2. Has the statistical analysis been performed appropriately and rigorously?

Reviewer #1: Yes

Reviewer #2: Yes

**********

3. Have the authors made all data underlying the findings in their manuscript fully available?

The PLOS Data policy requires authors to make all data underlying the findings described in their manuscript fully available without restriction, with rare exception (please refer to the Data Availability Statement in the manuscript PDF file). The data should be provided as part of the manuscript or its supporting information, or deposited to a public repository. For example, in addition to summary statistics, the data points behind means, medians and variance measures should be available. If there are restrictions on publicly sharing data—e.g. participant privacy or use of data from a third party—those must be specified.

Reviewer #1: Yes

Reviewer #2: Yes

**********

4. Is the manuscript presented in an intelligible fashion and written in standard English?

PLOS ONE does not copyedit accepted manuscripts, so the language in submitted articles must be clear, correct, and unambiguous.
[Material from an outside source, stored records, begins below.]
Lemma Ccont_prod n (f : nat -> R -> Cx) : (forall i, (i < n)%nat -> Ccont (f i)) ->
  Ccont (fun s => Cprod n (fun i => f i s)).
Proof.
  induction n; intro H; simpl; [apply Ccont_const|].
  apply Ccont_mul; [apply IHn|apply H]; auto.
Qed.

Lemma Ccont_affine_expi a c : Ccont (fun s => affine a c (Cexpi s)).
Proof. apply Ccont_add; [apply Ccont_mul; [apply Ccont_const|apply Ccont_expi]|apply Ccont_const]. Qed.

Lemma is_RInt_of_uniform_approx (f : R -> R) v : (forall s, continuity_pt f s) ->
  (forall eps, 0 < eps -> exists g, is_RInt g 0 (2 * PI) v /\
       forall s, 0 <= s <= 2 * PI -> Rabs (f s - g s) <= eps) ->
  is_RInt f 0 (2 * PI) v.
Proof.
  intros Hc Ha.
  assert (Ex : ex_RInt f 0 (2 * PI)).
  { apply (@ex_RInt_continuous R_CompleteNormedModule); intros z _; apply continuity_pt_filterlim; auto. }
  assert (Hi := @RInt_correct R_CompleteNormedModule _ _ _ Ex).
  set (I := RInt f 0 (2 * PI)) in *.
  assert (B : forall eps, 0 < eps -> Rabs (I - v) <= 2 * PI * eps).
  { intros eps He; destruct (Ha eps He) as [g [Hg Hb]].
    assert (N := @norm_RInt_le_const R_NormedModule (fun y => minus (f y) (g y)) 0 (2 * PI)
      (minus I v) eps (Rlt_le _ _ (Rmult_lt_0_compat 2 PI ltac:(lra) PI_RGT_0))
      (fun x Hx => (Hb x Hx : norm (minus (f x) (g x)) <= eps)) (is_RInt_minus _ _ _ _ _ _ Hi Hg)).
    change (Rabs (I - v) <= (2 * PI - 0) * eps) in N; lra. }
  replace v with I; auto.
  destruct (Req_dec (I - v) 0) as [E|E]; [lra|exfalso].
  assert (P := Rabs_pos_lt _ E); assert (Ppi := PI_RGT_0).
  assert (B1 := B (Rabs (I - v) / (4 * PI)) ltac:(apply Rdiv_lt_0_compat; lra)).
  replace (2 * PI * (Rabs (I - v) / (4 * PI))) with (Rabs (I - v) / 2) in B1 by (field; lra).
  lra.
Qed.

Lemma is_CInt2PI_of_uniform_approx f v : Ccont f ->
  (forall eps, 0 < eps -> exists g, is_CInt2PI g v /\
       forall s, 0 <= s <= 2 * PI -> Cnorm (Csub (f s) (g s)) <= eps) ->
  is_CInt2PI f v.
Proof.
  intros Hc Ha; split; apply is_RInt_of_uniform_approx; try (intro s; apply (Hc s));
    intros eps He; destruct (Ha eps He) as [g [[Hre Him] Hb]].
  - exists (fun s => Re (g s)); split; [exact Hre|intros s Hs].
    eapply Rle_trans; [apply (Re_le_Cnorm (Csub (f s) (g s)))|apply Hb, Hs].
  - exists (fun s => Im (g s)); split; [exact Him|intros s Hs].
    eapply Rle_trans; [apply (Im_le_Cnorm (Csub (f s) (g s)))|apply Hb, Hs].
Qed.

(** * Contour integrals on the unit circle *)

Lemma Cexpi_add a b : Cmul (Cexpi a) (Cexpi b) = Cexpi (a + b).
Proof. apply Cx_ext; simpl; [rewrite cos_plus|rewrite sin_plus]; ring. Qed.

Lemma Cexpi_0 : Cexpi 0 = C1.
Proof. apply Cx_ext; simpl; [apply cos_0|apply sin_0]. Qed.

Lemma Cexpi_opp s : Cexpi (- s) = Cinv (Cexpi s).
Proof.
  assert (Hnz : Cexpi s <> C0) by (apply Cnorm_gt0_neq0; rewrite Cnorm_expi; lra).
  assert (E := Cexpi_add s (- s)); rewrite Rplus_opp_r, Cexpi_0 in E.
  replace (Cexpi (- s)) with (Cmul (Cinv (Cexpi s)) (Cmul (Cexpi s) (Cexpi (- s)))) by (field; auto).
  rewrite E; field; auto.
Qed.

Lemma is_RInt_cos_scal m : m <> 0 -> sin (m * (2 * PI)) = 0 ->
  is_RInt (fun s => cos (m * s)) 0 (2 * PI) 0.
Proof.
  intros Hm Hs.
  replace 0 with (minus (sin (m * (2 * PI)) / m) (sin (m * 0) / m)) at 2
    by (rewrite Hs, Rmult_0_r, sin_0; unfold minus, plus, opp; simpl; field; auto).
  apply (@is_RInt_derive R_CompleteNormedModule (fun s => sin (m * s) / m)); intros x _.
  - auto_derive; auto; field; auto.
  - apply continuity_pt_filterlim, (Ccont_expi_scal m x).
Qed.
Any typographical or grammatical errors should be corrected at revision, so please note any specific errors here.

Reviewer #1: Yes

Reviewer #2: Yes

**********

5. Review Comments to the Author

Please use the space provided to explain your answers to the questions above. You may also include additional comments for the author, including concerns about dual publication, research ethics, or publication ethics. (Please upload your review as an attachment if it exceeds 20,000 characters)

Reviewer #1: Review on

“Bayesian model selection for multilevel models using marginal likelihoods”

This article proposes the use of marginal likelihoods instead of full likelihood to perform model selection for multilevel models. The methods are illustrated using generalized linear models where the responses are normally distributed, and the identity link is used. In this setting, the authors demonstrate that marginal likelihoods can be obtained analytically by integrating out the fixed and random effects. This reduces the dimensionality when computing the model evidence using SMC as only the variance parameters remain to be integrated out.

The manuscript is generally very well written with clear explanations although there are some typographical errors to be corrected. Below are some comments and suggestions for the authors’ consideration in revising the manuscript. A point-by-point response to these comments is appreciated.

1.I think using the term “marginal likelihood” to represent what is obtained after integrating a subset of the parameters is rather confusing because this term is usually taken to mean what is obtained after integrating out all the parameters. Perhaps “partial marginal likelihood” would be more accurate? Or the authors can consider other terms that provide a better description?

2.Page 5 line 151: Should $\\nu$ be $\\eta$ in “integrated over $\\beta$ and $\\nu$”?

3.Page 5 line 170: Typo in “include the this using the notation above”

4.Page 5 line 172: Typo in “Rearranging the square brackets” because there are no square brackets in the expression above this line.

5.Page 6 line 176: Since the product is over i and j, I wonder if the power for $2 \\pi \\sigma_y$ should be $nJ$ instead of just $n$? Same problem in equation (6).

6.Page 6 line 177: A \\sigma_\\eta^2$ is missing in the numerator of the very last term.

7.Page 6 line 179: Typo in “rearranging for with $\\beta$ as in the”

8.Page 7 line 186: In line 4 of the equation, the power of $|\\Sigma_\\eta(\\nu)|$ should be J instead of m. Similarly I wonder if the power of (2\\pi\\sigma_y) should be nJ instead of n? Same problem in equation (7).

9.There is only one example given on Minnesota radon contamination. Will the authors consider including a simulation study? For this real dataset, it is unclear how the models should be ranked since there is no true model.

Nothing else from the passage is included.